(RECORDS SUPPLIED)
Segment Open

(* For every $n\ge1$ there are bijections $\varphi:\mathfrak{S}_n(213)\to\mathfrak{S}_n(312)$ and $\eta:\mathfrak{S}_n(132)\to\mathfrak{S}_n(231)$ preserving the descent set $\{i\in[n-1]:\pi_i>\pi_{i+1}\}$. Consequently $|\mathcal{B}_n(213)|=|\mathcal{B}_n(312)|$ and $|\mathcal{B}_n(132)|=|\mathcal{B}_n(231)|$ for all $n\ge1$.
   Context: $\mathfrak{S}_n(\sigma)$ is the set of permutations in $\mathfrak{S}_n$ with no subsequence order-isomorphic to the pattern $\sigma$. A ballot permutation is a $\pi\in\mathfrak{S}_n$ such that every prefix $\pi_1\cdots\pi_i$ has at most as many descents ($\pi_j>\pi_{j+1}$) as ascents ($\pi_j<\pi_{j+1}$); $\mathcal{B}_n(\sigma)$ is the set of $\sigma$-avoiding ballot permutations in $\mathfrak{S}_n$. *)

From mathcomp Require Import all_boot all_fingroup.
Set Implicit Arguments. Unset Strict Implicit. Unset Printing Implicit Defensive.

(* Permutations of [n] are 'S_n = {perm 'I_n}; positions and values are 0-based. *)
(* one-line value of pi at position j (as a nat), 0 past the end *)
Definition pval n (pi : 'S_n) (j : nat) : nat :=
  if insub j is Some i then val (pi i) else 0.

(* A pattern is given in one-line notation as a sequence of distinct naturals,
   e.g. [:: 2; 1; 3] for 213.  pi contains the pattern p iff there are positions
   f 0 < f 1 < ... < f (k-1) whose values are order-isomorphic to p. *)
Definition contains n (pi : 'S_n) (p : seq nat) : bool :=
  [exists f : {ffun 'I_(size p) -> 'I_n},
    [forall a : 'I_(size p), forall b : 'I_(size p),
       ((a < b) ==> (f a < f b)) &&
       ((pi (f a) < pi (f b)) == (nth 0 p a < nth 0 p b))]].

Definition avoids n (pi : 'S_n) (p : seq nat) : bool := ~~ contains pi p.

(* descent set {i in [n-1] : pi_i > pi_{i+1}}, with 1-based i, stored as nat set *)
Definition descent_set n (pi : 'S_n) : seq nat :=
  [seq i <- iota 1 n.-1 | pval pi i.-1 > pval pi i].

Definition des_prefix n (pi : 'S_n) (m : nat) : nat :=
  count (fun j => pval pi j > pval pi j.+1) (iota 0 m.-1).
Definition asc_prefix n (pi : 'S_n) (m : nat) : nat :=
  count (fun j => pval pi j < pval pi j.+1) (iota 0 m.-1).

Definition ballot n (pi : 'S_n) : bool :=
  [forall m : 'I_n.+1, (1 <= m) ==> (des_prefix pi m <= asc_prefix pi m)].

Definition Av n (p : seq nat) : {set 'S_n} := [set pi : 'S_n | avoids pi p].
Definition Bal n (p : seq nat) : {set 'S_n} := [set pi in Av n p | ballot pi].

Definition bij_between n (phi : 'S_n -> 'S_n) (A B : {set 'S_n}) : Prop :=
  [/\ {in A, forall pi, phi pi \in B}, {in A &, injective phi}
    & {in B, forall tau, exists2 pi, pi \in A & phi pi = tau}].

From Pilot Require Import Defs.
From mathcomp Require Import all_boot all_fingroup.
From mathcomp Require Import zify.
From Stdlib Require Import ClassicalEpsilon.
Set Implicit Arguments. Unset Strict Implicit. Unset Printing Implicit Defensive.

Segment Closed

(PROBLEM DETAILS) Please copy, exactly and with nothing else, the lines above beginning at the line that has "(* one-line value" and ending with the line that has "[forall a : 'I_(size".

(COMPLETED EXERCISE)
(* one-line value of pi at position j (as a nat), 0 past the end *)
Definition pval n (pi : 'S_n) (j : nat) : nat :=
  if insub j is Some i then val (pi i) else 0.

(* A pattern is given in one-line notation as a sequence of distinct naturals,
   e.g. [:: 2; 1; 3] for 213.  pi contains the pattern p iff there are positions
   f 0 < f 1 < ... < f (k-1) whose values are order-isomorphic to p. *)
Definition contains n (pi : 'S_n) (p : seq nat) : bool :=
  [exists f : {ffun 'I_(size p) -> 'I_n},
    [forall a : 'I_(size p), forall b : 'I_(size p),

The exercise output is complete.